- Task to carry out: Give back an exact copy of the lines below, from the first through the line with "From mathcomp Require Import reals."; please stop there.

[Given data Boundary: Start]

(* Let $G$ be a connected $m$-uniform hypergraph on $n$ vertices. Suppose its incidence matrix $B_G$ has Smith normal form over $\mathbb{Z}_m$ with nonzero diagonal entries $d_1,\dots,d_r$. Then $|\mathbb{PV}_0(\mathcal{L}(G))|=s(\mathcal{L}(G))=s(\mathcal{A}(G))=m^{n-1-r}\prod_{i=1}^r d_i$.
   Context: An $m$-uniform hypergraph $G$ on vertices $v_1,\dots,v_n$ has edges that are $m$-subsets; it is connected in the usual sense. Adjacency tensor $\mathcal{A}(G)$: order $m$, dimension $n$, entry $\frac1{(m-1)!}$ at $(i_1,\dots,i_m)$ if $\{v_{i_1},\dots,v_{i_m}\}$ is an edge, $0$ otherwise. $\mathcal{L}(G)=\mathcal{D}(G)-\mathcal{A}(G)$, where $\mathcal{D}(G)$ is diagonal with the vertex degrees. Incidence matrix $B_G$: rows indexed by edges, columns by vertices, $b_{e,v}=1$ if $v\in e$, else $0$. Smith normal form over $\mathbb{Z}_m$: invertible $P,Q$ over $\mathbb{Z}_m$ with $PB_GQ$ diagonal with entries $d_1,\dots,d_r,0,\dots,0$, $1\le d_i\le m-1$, $d_i\mid d_{i+1}$, $d_i\mid m$. For a tensor $\mathcal{T}$, $(\mathcal{T}x^{m-1})_i=\sum_{i_2,\dots,i_m}t_{ii_2\cdots i_m}x_{i_2}\cdots x_{i_m}$ and $\mathbb{PV}_\lambda(\mathcal{T})=\{x\in\mathbb{P}^{n-1}:\mathcal{T}x^{m-1}=\lambda x^{[m-1]}\}$ with $x^{[m-1]}=(x_i^{m-1})$. Stabilizing index: $s(\mathcal{T})=|\{D=\mathrm{diag}(d_1,\dots,d_n)\text{ invertible complex}:\mathcal{T}=D^{-(m-1)}\mathcal{T}D,\ d_1=1\}|$, where $D^{-(m-1)}\mathcal{T}D$ has entries $d_{i_1}^{-(m-1)}t_{i_1\cdots i_m}d_{i_2}\cdots d_{i_m}$. *)

From HB Require Import structures.
From mathcomp Require Import all_boot all_order all_algebra.
From mathcomp Require Import complex.
From mathcomp Require Import reals.
Set Implicit Arguments. Unset Strict Implicit. Unset Printing Implicit Defensive.
Import Order.TTheory GRing.Theory Num.Theory.
Local Open Scope ring_scope.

[Given data Boundary: End]

- Final answer:
(* Let $G$ be a connected $m$-uniform hypergraph on $n$ vertices. Suppose its incidence matrix $B_G$ has Smith normal form over $\mathbb{Z}_m$ with nonzero diagonal entries $d_1,\dots,d_r$. Then $|\mathbb{PV}_0(\mathcal{L}(G))|=s(\mathcal{L}(G))=s(\mathcal{A}(G))=m^{n-1-r}\prod_{i=1}^r d_i$.
   Context: An $m$-uniform hypergraph $G$ on vertices $v_1,\dots,v_n$ has edges that are $m$-subsets; it is connected in the usual sense. Adjacency tensor $\mathcal{A}(G)$: order $m$, dimension $n$, entry $\frac1{(m-1)!}$ at $(i_1,\dots,i_m)$ if $\{v_{i_1},\dots,v_{i_m}\}$ is an edge, $0$ otherwise. $\mathcal{L}(G)=\mathcal{D}(G)-\mathcal{A}(G)$, where $\mathcal{D}(G)$ is diagonal with the vertex degrees. Incidence matrix $B_G$: rows indexed by edges, columns by vertices, $b_{e,v}=1$ if $v\in e$, else $0$. Smith normal form over $\mathbb{Z}_m$: invertible $P,Q$ over $\mathbb{Z}_m$ with $PB_GQ$ diagonal with entries $d_1,\dots,d_r,0,\dots,0$, $1\le d_i\le m-1$, $d_i\mid d_{i+1}$, $d_i\mid m$. For a tensor $\mathcal{T}$, $(\mathcal{T}x^{m-1})_i=\sum_{i_2,\dots,i_m}t_{ii_2\cdots i_m}x_{i_2}\cdots x_{i_m}$ and $\mathbb{PV}_\lambda(\mathcal{T})=\{x\in\mathbb{P}^{n-1}:\mathcal{T}x^{m-1}=\lambda x^{[m-1]}\}$ with $x^{[m-1]}=(x_i^{m-1})$. Stabilizing index: $s(\mathcal{T})=|\{D=\mathrm{diag}(d_1,\dots,d_n)\text{ invertible complex}:\mathcal{T}=D^{-(m-1)}\mathcal{T}D,\ d_1=1\}|$, where $D^{-(m-1)}\mathcal{T}D$ has entries $d_{i_1}^{-(m-1)}t_{i_1\cdots i_m}d_{i_2}\cdots d_{i_m}$. *)

From HB Require Import structures.
From mathcomp Require Import all_boot all_order all_algebra.
From mathcomp Require Import complex.
From mathcomp Require Import reals.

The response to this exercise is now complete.